GOAL OF THE EXERCISE -
Identify and pull out each line of the entries in which "have" occurs.

DATA SHOWN -

Lemma colour_extend n (c : {ffun V -> 'I_n.+1}) (T : {set V}) w :
  w \notin T -> {in T &, forall x y, adj x y -> c x != c y} ->
  #|c @: [set u in T | adj w u]| <= n ->
  exists c' : {ffun V -> 'I_n.+1},
    {in T, c' =1 c} /\ {in w |: T &, forall x y, adj x y -> c' x != c' y}.
Proof.
move=> wT Hc HF.
have /subsetPn [col _ Hcol] :
    ~~ ([set: 'I_n.+1] \subset c @: [set u in T | adj w u]).
  apply/negP => /subset_leq_card; rewrite cardsT card_ord.
  by move/leq_trans/(_ HF); rewrite ltnn.
have Tw u : u \in T -> (u == w) = false.
  by move=> uT; apply: contraNF wT => /eqP <-.
exists [ffun x => if x == w then col else c x]; split.
  by move=> x xT; rewrite ffunE Tw.
have Fcol u : u \in T -> adj w u -> col != c u.
  by move=> uT Hwu; apply: contraNneq Hcol => ->; rewrite imset_f // inE uT.
move=> x y /setU1P Hx /setU1P Hy Hxy; rewrite !ffunE.
case: Hx Hy Hxy => [->|xT] [->|yT].
- by rewrite airr.
- by rewrite eqxx Tw //; apply: Fcol.
- by rewrite eqxx Tw // eq_sym asym; apply: Fcol.
- by rewrite !Tw //; apply: Hc.
Qed.

Lemma greedy_colorable n (Q : {set V}) (c0 : V -> 'I_n.+1) (rho : V -> nat) :
  {in Q &, forall x y, adj x y -> c0 x != c0 y} ->
  (forall v, v \notin Q ->
     #|c0 @: [set u in Q | adj v u]| +
     #|[set u | adj v u & (u \notin Q) && (rho v <= rho u)]| <= n) ->
  colorable adj n.+1.
Proof.
move=> HQ Hb.
suff [c [_ Hc]] : exists c : {ffun V -> 'I_n.+1},
    {in Q, c =1 c0} /\ {in Q :|: ~: Q &, forall x y, adj x y -> c x != c y}.
  apply/existsP; exists c; apply/forallP => x; apply/forallP => y.
  by apply/implyP; apply: Hc; rewrite setUCr inE.
suff main m (S : {set V}) : #|S| <= m -> [disjoint S & Q] ->
    exists c : {ffun V -> 'I_n.+1},
      {in Q, c =1 c0} /\ {in Q :|: S &, forall x y, adj x y -> c x != c y}.
  by apply: (main #|~: Q|) => //; rewrite disjoints_subset.
elim: m S => [|m IH] S HS Hdis.
  move: HS; rewrite leqn0 cards_eq0 => /eqP ->; exists [ffun x => c0 x].
  by split=> [x _|x y]; rewrite ?setU0 !ffunE //; apply: HQ.
have [/eqP S0|/set0Pn [w0 Hw0]] := boolP (S == set0).
  by apply: IH; rewrite // S0 cards0.
case: (arg_minnP rho Hw0) => w wS0 wmin; have wS : w \in S := wS0.
have wQ : w \notin Q by rewrite (disjointFr Hdis).
have [c [cQ Hc]] : exists c : {ffun V -> 'I_n.+1}, {in Q, c =1 c0} /\
    {in Q :|: S :\ w &, forall x y, adj x y -> c x != c y}.
  apply: IH; first by move: HS; rewrite (cardsD1 w) wS.
  by apply: disjointWl Hdis; apply: subsetDl.
have wT : w \notin Q :|: S :\ w by rewrite !inE eqxx (negbTE wQ).
have HF : #|c @: [set u in Q :|: S :\ w | adj w u]| <= n.
  apply: leq_trans (Hb w wQ).
  set N := [set u | adj w u & _].
  apply: leq_trans (leq_trans (leq_card_setU _ (c @: N))
                              (leq_add (leqnn _) (leq_imset_card c N))).
  apply/subset_leq_card/subsetP => col /imsetP [u].
  rewrite !inE => /andP [/orP [uQ|/andP [_ uS]] Hwu] ->; apply/orP.
    by left; rewrite cQ // imset_f // inE uQ Hwu.
  by right; rewrite imset_f // inE Hwu (disjointFr Hdis uS) wmin.
have [c' [c'c Hc']] := colour_extend wT Hc HF.
exists c'; split => [x xQ|]; first by rewrite c'c ?cQ // inE xQ.
by rewrite setUCA setD1K in Hc'.
Qed.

YOUR RESPONSE -
have /subsetPn [col _ Hcol] :
have Tw u : u \in T -> (u == w) = false.
have Fcol u : u \in T -> adj w u -> col != c u.
have [/eqP S0|/set0Pn [w0 Hw0]] := boolP (S == set0).
case: (arg_minnP rho Hw0) => w wS0 wmin; have wS : w \in S := wS0.
have wQ : w \notin Q by rewrite (disjointFr Hdis).
have [c [cQ Hc]] : exists c : {ffun V -> 'I_n.+1}, {in Q, c =1 c0} /\
have wT : w \notin Q :|: S :\ w by rewrite !inE eqxx (negbTE wQ).
have HF : #|c @: [set u in Q :|: S :\ w | adj w u]| <= n.
have [c' [c'c Hc']] := colour_extend wT Hc HF.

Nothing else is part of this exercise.